> YOUR ASSIGNMENT
Find the lines of data that contain the string "uparrow", then list them.

> RECORDS FOR THIS TASK

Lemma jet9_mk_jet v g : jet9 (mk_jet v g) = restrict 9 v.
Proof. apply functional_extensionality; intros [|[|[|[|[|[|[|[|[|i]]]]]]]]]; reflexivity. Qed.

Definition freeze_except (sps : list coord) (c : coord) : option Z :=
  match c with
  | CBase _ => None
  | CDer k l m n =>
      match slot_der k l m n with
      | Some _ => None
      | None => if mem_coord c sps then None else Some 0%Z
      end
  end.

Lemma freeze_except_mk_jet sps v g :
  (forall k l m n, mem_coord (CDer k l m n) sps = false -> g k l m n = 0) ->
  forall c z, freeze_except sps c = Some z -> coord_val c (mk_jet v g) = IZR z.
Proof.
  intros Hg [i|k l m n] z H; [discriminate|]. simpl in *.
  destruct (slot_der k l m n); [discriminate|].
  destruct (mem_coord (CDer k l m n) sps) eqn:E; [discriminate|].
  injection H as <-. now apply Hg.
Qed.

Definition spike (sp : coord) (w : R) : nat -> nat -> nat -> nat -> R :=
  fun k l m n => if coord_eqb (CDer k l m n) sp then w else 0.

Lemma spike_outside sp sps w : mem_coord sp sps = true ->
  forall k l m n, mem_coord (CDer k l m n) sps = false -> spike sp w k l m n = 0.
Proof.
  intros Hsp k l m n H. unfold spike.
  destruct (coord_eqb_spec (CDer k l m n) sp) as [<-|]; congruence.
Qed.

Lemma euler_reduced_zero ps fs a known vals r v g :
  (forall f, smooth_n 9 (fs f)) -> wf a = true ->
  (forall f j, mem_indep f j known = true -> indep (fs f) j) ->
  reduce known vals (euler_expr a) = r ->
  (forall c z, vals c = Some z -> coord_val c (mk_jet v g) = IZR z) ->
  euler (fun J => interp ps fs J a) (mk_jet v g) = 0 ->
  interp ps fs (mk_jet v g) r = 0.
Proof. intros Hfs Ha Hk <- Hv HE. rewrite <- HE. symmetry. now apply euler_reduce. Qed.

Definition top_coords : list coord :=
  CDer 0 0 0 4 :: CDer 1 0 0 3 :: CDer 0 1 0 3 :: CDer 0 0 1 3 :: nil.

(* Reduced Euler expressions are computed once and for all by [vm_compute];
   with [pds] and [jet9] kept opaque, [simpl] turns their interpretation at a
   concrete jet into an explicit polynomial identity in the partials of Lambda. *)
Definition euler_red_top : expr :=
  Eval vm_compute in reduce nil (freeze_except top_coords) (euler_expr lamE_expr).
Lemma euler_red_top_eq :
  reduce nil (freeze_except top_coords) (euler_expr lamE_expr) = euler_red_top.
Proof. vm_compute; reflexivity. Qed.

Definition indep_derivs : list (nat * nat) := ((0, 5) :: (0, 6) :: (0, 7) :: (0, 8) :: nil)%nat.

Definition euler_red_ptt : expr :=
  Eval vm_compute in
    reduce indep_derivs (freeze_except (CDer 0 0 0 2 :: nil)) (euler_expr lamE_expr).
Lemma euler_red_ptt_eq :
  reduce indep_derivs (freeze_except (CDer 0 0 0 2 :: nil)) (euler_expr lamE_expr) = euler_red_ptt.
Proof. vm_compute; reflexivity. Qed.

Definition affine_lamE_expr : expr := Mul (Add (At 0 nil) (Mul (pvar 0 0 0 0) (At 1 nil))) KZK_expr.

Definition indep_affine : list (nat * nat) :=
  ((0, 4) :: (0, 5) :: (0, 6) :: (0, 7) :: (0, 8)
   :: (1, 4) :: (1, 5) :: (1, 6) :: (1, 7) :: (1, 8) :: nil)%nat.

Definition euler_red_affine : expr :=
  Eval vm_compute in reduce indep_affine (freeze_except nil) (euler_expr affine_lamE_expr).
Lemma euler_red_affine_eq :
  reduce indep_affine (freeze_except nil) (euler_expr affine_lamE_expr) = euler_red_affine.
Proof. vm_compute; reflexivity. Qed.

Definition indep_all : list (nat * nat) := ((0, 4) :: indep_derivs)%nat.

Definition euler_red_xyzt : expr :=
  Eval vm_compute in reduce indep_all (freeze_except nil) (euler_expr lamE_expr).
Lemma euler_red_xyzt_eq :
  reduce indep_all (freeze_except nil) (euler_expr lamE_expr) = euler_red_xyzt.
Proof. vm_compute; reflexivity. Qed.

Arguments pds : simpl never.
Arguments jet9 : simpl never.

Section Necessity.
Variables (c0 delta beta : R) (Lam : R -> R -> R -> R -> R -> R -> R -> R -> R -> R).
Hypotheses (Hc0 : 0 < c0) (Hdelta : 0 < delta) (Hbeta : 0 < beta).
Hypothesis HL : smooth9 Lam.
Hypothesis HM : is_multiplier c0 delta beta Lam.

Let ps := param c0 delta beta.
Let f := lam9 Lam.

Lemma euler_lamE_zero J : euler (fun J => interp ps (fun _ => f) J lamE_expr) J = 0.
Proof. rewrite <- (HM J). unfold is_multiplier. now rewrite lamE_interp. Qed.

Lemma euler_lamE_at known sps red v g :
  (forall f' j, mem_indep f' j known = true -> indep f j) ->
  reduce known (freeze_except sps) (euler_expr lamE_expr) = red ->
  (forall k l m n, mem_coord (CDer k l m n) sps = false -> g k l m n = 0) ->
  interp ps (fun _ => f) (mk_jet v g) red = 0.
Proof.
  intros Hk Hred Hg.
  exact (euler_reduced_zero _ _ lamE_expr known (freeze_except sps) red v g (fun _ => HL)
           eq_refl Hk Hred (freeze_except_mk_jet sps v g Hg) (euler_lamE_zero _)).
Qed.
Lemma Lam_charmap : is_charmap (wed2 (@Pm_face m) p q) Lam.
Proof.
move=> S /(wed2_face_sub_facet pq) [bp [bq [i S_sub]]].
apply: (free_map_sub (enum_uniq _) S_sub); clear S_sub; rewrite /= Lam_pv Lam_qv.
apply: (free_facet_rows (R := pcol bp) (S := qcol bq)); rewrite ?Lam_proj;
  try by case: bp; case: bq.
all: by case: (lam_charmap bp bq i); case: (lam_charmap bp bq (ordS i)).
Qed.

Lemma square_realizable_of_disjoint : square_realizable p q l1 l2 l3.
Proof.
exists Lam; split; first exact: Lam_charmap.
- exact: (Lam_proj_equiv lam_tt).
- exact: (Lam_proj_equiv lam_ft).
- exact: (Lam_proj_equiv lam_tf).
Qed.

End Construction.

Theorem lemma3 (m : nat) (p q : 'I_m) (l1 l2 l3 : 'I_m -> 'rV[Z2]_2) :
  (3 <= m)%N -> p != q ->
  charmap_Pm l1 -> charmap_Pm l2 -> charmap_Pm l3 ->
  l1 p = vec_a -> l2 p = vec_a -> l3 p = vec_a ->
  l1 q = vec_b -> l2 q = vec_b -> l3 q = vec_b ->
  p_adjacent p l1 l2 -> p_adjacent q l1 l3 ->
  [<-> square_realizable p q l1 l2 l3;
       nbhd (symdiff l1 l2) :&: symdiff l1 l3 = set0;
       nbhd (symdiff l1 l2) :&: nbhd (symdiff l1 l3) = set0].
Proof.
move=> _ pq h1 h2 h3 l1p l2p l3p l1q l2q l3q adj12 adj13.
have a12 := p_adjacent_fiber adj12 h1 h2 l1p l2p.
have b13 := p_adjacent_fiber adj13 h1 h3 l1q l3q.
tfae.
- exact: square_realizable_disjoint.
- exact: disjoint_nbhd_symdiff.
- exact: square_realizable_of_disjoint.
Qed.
---
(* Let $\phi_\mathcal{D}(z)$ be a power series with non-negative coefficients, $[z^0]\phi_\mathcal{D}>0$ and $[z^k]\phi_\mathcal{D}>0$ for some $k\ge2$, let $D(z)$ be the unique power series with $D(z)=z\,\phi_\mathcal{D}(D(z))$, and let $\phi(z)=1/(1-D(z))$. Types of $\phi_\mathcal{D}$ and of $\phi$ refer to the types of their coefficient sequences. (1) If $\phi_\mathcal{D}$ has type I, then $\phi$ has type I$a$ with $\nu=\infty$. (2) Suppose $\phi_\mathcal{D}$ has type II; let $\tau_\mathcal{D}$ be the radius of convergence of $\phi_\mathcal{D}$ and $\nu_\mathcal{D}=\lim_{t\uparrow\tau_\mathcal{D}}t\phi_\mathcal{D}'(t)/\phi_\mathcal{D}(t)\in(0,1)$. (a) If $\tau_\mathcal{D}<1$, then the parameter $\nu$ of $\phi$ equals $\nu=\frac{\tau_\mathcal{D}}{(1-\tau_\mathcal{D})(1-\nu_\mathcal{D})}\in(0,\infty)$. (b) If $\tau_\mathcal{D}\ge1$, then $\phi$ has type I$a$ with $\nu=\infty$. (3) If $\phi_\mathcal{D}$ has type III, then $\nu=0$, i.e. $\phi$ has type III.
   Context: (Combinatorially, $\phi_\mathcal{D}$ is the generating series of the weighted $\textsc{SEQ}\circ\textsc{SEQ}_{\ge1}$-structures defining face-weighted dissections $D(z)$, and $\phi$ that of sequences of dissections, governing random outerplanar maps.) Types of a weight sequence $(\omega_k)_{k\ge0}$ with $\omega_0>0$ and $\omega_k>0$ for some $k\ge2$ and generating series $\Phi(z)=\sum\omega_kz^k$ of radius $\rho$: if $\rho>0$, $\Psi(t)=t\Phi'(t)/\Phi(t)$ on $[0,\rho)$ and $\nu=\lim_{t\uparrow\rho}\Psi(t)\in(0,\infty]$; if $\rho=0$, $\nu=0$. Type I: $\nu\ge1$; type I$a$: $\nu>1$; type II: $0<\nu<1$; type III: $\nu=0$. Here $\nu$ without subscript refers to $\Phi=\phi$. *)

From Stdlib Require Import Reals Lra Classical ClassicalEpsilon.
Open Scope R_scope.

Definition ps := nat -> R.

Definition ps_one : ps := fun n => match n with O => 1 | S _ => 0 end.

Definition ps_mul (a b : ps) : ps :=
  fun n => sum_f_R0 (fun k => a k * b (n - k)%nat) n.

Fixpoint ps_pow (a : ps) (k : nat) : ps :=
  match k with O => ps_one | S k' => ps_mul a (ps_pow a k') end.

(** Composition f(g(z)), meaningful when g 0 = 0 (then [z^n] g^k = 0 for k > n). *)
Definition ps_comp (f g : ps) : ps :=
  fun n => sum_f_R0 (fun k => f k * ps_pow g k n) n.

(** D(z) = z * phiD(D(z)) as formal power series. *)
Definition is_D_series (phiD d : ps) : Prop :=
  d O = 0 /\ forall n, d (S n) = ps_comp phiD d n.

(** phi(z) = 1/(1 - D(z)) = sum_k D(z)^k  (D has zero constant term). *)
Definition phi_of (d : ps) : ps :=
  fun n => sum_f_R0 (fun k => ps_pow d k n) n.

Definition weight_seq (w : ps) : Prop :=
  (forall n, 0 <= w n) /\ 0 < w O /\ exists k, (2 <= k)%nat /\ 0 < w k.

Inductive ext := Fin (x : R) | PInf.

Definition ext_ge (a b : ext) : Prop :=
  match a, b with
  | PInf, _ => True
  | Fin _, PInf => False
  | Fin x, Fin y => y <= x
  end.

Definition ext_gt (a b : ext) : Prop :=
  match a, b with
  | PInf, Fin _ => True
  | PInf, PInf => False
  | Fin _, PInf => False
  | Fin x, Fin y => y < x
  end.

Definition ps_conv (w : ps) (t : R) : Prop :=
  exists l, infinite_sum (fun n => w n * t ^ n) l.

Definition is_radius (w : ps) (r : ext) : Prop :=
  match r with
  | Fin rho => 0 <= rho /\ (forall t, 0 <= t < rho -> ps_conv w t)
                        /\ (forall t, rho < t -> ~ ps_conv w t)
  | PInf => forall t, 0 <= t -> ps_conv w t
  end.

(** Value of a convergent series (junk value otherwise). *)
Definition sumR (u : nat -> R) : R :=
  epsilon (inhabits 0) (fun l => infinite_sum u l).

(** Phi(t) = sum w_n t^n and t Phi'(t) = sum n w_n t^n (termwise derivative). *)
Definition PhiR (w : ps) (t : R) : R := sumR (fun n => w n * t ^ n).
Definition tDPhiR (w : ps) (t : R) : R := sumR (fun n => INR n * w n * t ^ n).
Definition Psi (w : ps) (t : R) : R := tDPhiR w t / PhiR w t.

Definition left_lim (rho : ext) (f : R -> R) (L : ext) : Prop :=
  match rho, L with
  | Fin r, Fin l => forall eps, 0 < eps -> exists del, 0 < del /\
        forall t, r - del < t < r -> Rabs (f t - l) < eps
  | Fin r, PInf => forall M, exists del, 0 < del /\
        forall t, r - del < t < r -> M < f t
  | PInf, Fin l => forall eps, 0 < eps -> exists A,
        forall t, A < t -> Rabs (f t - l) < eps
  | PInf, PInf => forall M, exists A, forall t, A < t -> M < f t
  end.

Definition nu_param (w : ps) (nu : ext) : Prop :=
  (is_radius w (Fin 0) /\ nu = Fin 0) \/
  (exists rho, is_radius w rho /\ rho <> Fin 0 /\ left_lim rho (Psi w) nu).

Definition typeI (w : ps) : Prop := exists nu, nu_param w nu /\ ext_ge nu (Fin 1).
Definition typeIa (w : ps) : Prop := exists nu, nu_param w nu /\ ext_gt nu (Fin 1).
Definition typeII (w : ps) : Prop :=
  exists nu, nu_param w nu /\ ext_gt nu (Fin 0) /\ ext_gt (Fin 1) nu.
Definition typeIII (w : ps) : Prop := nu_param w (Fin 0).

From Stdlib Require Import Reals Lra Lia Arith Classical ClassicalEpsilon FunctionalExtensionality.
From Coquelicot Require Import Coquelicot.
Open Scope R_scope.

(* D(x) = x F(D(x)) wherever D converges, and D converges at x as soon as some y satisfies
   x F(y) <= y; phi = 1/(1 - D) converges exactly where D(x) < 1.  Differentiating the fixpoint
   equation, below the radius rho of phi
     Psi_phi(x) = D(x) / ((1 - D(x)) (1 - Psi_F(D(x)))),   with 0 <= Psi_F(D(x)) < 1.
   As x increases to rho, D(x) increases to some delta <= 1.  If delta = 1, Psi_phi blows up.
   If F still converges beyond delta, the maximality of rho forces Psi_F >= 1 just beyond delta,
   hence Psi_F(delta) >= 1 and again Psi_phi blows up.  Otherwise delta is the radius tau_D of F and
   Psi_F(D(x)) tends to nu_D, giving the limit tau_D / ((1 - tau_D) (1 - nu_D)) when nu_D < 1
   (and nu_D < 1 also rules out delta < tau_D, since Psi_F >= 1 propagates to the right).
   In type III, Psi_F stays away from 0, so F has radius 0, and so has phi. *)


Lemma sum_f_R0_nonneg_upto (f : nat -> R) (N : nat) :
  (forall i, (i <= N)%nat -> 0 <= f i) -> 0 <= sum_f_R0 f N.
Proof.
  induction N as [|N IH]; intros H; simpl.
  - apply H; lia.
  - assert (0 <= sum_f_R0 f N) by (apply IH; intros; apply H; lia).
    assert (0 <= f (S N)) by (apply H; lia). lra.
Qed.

> TASK SOLUTION
(* Let $\phi_\mathcal{D}(z)$ be a power series with non-negative coefficients, $[z^0]\phi_\mathcal{D}>0$ and $[z^k]\phi_\mathcal{D}>0$ for some $k\ge2$, let $D(z)$ be the unique power series with $D(z)=z\,\phi_\mathcal{D}(D(z))$, and let $\phi(z)=1/(1-D(z))$. Types of $\phi_\mathcal{D}$ and of $\phi$ refer to the types of their coefficient sequences. (1) If $\phi_\mathcal{D}$ has type I, then $\phi$ has type I$a$ with $\nu=\infty$. (2) Suppose $\phi_\mathcal{D}$ has type II; let $\tau_\mathcal{D}$ be the radius of convergence of $\phi_\mathcal{D}$ and $\nu_\mathcal{D}=\lim_{t\uparrow\tau_\mathcal{D}}t\phi_\mathcal{D}'(t)/\phi_\mathcal{D}(t)\in(0,1)$. (a) If $\tau_\mathcal{D}<1$, then the parameter $\nu$ of $\phi$ equals $\nu=\frac{\tau_\mathcal{D}}{(1-\tau_\mathcal{D})(1-\nu_\mathcal{D})}\in(0,\infty)$. (b) If $\tau_\mathcal{D}\ge1$, then $\phi$ has type I$a$ with $\nu=\infty$. (3) If $\phi_\mathcal{D}$ has type III, then $\nu=0$, i.e. $\phi$ has type III.
   Context: (Combinatorially, $\phi_\mathcal{D}$ is the generating series of the weighted $\textsc{SEQ}\circ\textsc{SEQ}_{\ge1}$-structures defining face-weighted dissections $D(z)$, and $\phi$ that of sequences of dissections, governing random outerplanar maps.) Types of a weight sequence $(\omega_k)_{k\ge0}$ with $\omega_0>0$ and $\omega_k>0$ for some $k\ge2$ and generating series $\Phi(z)=\sum\omega_kz^k$ of radius $\rho$: if $\rho>0$, $\Psi(t)=t\Phi'(t)/\Phi(t)$ on $[0,\rho)$ and $\nu=\lim_{t\uparrow\rho}\Psi(t)\in(0,\infty]$; if $\rho=0$, $\nu=0$. Type I: $\nu\ge1$; type I$a$: $\nu>1$; type II: $0<\nu<1$; type III: $\nu=0$. Here $\nu$ without subscript refers to $\Phi=\phi$. *)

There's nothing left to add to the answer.